----- MATERIAL PROVIDED

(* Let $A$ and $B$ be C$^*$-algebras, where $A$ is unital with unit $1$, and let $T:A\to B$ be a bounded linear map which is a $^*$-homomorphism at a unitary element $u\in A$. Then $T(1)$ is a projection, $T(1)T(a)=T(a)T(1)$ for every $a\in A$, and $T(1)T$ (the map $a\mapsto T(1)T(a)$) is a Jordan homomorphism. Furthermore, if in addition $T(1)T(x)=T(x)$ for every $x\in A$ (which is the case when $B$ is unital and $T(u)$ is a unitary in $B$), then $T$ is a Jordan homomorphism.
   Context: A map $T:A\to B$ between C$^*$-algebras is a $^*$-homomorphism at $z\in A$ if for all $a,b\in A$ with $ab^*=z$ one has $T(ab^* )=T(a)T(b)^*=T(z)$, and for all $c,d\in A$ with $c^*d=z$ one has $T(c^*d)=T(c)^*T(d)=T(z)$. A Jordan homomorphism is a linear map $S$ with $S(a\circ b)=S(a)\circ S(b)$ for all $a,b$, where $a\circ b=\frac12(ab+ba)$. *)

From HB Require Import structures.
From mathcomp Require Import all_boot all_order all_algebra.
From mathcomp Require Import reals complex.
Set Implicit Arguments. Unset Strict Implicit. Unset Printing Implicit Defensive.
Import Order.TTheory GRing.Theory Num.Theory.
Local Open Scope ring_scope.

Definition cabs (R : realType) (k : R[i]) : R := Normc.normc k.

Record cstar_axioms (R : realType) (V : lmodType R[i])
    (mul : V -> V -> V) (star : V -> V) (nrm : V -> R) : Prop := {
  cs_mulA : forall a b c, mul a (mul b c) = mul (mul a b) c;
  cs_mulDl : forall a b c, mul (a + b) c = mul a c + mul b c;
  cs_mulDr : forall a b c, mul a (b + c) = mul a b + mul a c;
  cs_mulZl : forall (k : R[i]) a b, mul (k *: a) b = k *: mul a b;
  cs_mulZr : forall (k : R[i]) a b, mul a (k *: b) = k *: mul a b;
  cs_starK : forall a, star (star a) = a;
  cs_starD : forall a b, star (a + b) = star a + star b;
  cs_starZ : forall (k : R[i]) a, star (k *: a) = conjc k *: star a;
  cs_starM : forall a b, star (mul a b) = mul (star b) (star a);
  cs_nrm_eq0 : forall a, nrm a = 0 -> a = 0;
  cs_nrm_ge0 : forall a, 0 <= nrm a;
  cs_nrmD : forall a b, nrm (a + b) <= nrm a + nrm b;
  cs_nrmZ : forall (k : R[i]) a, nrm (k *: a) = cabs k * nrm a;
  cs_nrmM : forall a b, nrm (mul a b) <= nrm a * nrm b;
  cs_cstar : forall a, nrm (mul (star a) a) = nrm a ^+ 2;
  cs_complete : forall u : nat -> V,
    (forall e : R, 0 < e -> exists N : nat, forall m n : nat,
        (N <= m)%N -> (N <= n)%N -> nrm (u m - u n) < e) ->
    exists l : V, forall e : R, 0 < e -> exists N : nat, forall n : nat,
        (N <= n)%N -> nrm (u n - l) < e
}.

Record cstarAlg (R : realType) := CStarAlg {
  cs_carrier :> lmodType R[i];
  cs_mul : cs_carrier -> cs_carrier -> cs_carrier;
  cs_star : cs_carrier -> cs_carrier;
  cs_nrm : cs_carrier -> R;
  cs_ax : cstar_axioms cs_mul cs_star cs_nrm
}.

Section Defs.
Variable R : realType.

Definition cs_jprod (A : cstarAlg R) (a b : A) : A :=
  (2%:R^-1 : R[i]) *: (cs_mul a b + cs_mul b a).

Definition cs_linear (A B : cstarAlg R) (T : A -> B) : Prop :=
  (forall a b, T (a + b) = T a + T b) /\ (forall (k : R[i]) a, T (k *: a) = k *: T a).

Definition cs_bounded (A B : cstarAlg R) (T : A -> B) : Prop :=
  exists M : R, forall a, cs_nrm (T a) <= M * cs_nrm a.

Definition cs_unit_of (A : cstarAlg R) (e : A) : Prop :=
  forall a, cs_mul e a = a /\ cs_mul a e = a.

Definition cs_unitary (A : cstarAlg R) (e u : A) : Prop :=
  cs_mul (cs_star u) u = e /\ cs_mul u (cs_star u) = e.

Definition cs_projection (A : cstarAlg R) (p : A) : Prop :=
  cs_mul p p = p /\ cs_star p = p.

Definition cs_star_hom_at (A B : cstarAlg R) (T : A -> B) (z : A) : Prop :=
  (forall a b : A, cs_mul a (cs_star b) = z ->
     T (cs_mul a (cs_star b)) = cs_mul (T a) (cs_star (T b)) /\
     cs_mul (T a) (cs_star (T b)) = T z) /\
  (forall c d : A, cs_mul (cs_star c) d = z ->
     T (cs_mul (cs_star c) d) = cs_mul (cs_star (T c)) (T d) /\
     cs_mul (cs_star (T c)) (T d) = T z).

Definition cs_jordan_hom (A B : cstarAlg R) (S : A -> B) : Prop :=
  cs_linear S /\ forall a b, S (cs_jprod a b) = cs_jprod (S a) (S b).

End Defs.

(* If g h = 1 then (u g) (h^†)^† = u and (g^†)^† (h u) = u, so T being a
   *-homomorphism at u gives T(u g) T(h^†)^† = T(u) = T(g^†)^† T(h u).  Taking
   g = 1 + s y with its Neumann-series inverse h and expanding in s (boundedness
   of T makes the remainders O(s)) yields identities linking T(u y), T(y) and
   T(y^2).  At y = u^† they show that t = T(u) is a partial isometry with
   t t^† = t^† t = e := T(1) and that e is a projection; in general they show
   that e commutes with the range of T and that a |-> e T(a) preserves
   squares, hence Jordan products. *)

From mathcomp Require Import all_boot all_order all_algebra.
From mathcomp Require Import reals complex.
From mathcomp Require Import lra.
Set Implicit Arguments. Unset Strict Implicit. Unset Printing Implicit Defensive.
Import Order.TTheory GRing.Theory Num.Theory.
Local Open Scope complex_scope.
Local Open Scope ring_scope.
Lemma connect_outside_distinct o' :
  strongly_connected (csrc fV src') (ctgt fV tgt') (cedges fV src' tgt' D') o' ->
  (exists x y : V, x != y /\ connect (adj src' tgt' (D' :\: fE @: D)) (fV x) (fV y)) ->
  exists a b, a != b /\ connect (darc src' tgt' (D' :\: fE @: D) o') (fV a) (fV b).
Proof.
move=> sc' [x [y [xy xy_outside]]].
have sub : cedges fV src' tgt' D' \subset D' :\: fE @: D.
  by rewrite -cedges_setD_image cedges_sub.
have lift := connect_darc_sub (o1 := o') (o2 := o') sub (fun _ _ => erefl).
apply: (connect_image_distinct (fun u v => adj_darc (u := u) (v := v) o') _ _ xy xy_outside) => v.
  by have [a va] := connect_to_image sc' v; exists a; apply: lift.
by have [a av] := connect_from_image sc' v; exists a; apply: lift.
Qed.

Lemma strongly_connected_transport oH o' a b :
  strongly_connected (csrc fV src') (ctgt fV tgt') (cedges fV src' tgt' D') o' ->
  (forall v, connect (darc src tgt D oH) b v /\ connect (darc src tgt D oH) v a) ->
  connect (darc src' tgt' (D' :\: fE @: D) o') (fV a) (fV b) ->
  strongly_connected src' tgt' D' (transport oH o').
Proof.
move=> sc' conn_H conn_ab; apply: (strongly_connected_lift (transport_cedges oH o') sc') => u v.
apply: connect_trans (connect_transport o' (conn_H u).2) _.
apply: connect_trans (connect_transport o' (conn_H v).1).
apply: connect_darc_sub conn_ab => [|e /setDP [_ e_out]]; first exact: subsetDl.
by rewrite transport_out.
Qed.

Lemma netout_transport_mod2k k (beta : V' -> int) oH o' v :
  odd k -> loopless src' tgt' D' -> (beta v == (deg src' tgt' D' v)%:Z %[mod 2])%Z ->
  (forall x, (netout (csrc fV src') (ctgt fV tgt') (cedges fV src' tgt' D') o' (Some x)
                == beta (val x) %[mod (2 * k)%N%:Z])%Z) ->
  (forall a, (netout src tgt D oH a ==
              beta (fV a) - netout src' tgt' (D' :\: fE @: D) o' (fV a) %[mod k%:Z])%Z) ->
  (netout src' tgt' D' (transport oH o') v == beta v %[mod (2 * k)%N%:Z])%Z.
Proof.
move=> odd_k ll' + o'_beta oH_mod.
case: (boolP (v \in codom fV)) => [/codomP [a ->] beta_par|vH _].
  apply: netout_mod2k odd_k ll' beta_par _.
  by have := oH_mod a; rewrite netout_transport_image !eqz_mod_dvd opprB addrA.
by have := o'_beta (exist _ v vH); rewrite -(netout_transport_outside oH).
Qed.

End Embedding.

----------

| HOW TO COMPLETE THIS TASK |
In the entries above, the lines between the one holding "(forall v, connect" and the one holding "apply: connect_trans (connect_transport o' (conn_H u).2)", inclusive, are to be printed exactly as written, and those alone.

| ANSWER SPACE |
  (forall v, connect (darc src tgt D oH) b v /\ connect (darc src tgt D oH) v a) ->
  connect (darc src' tgt' (D' :\: fE @: D) o') (fV a) (fV b) ->
  strongly_connected src' tgt' D' (transport oH o').
Proof.
move=> sc' conn_H conn_ab; apply: (strongly_connected_lift (transport_cedges oH o') sc') => u v.
apply: connect_trans (connect_transport o' (conn_H u).2) _.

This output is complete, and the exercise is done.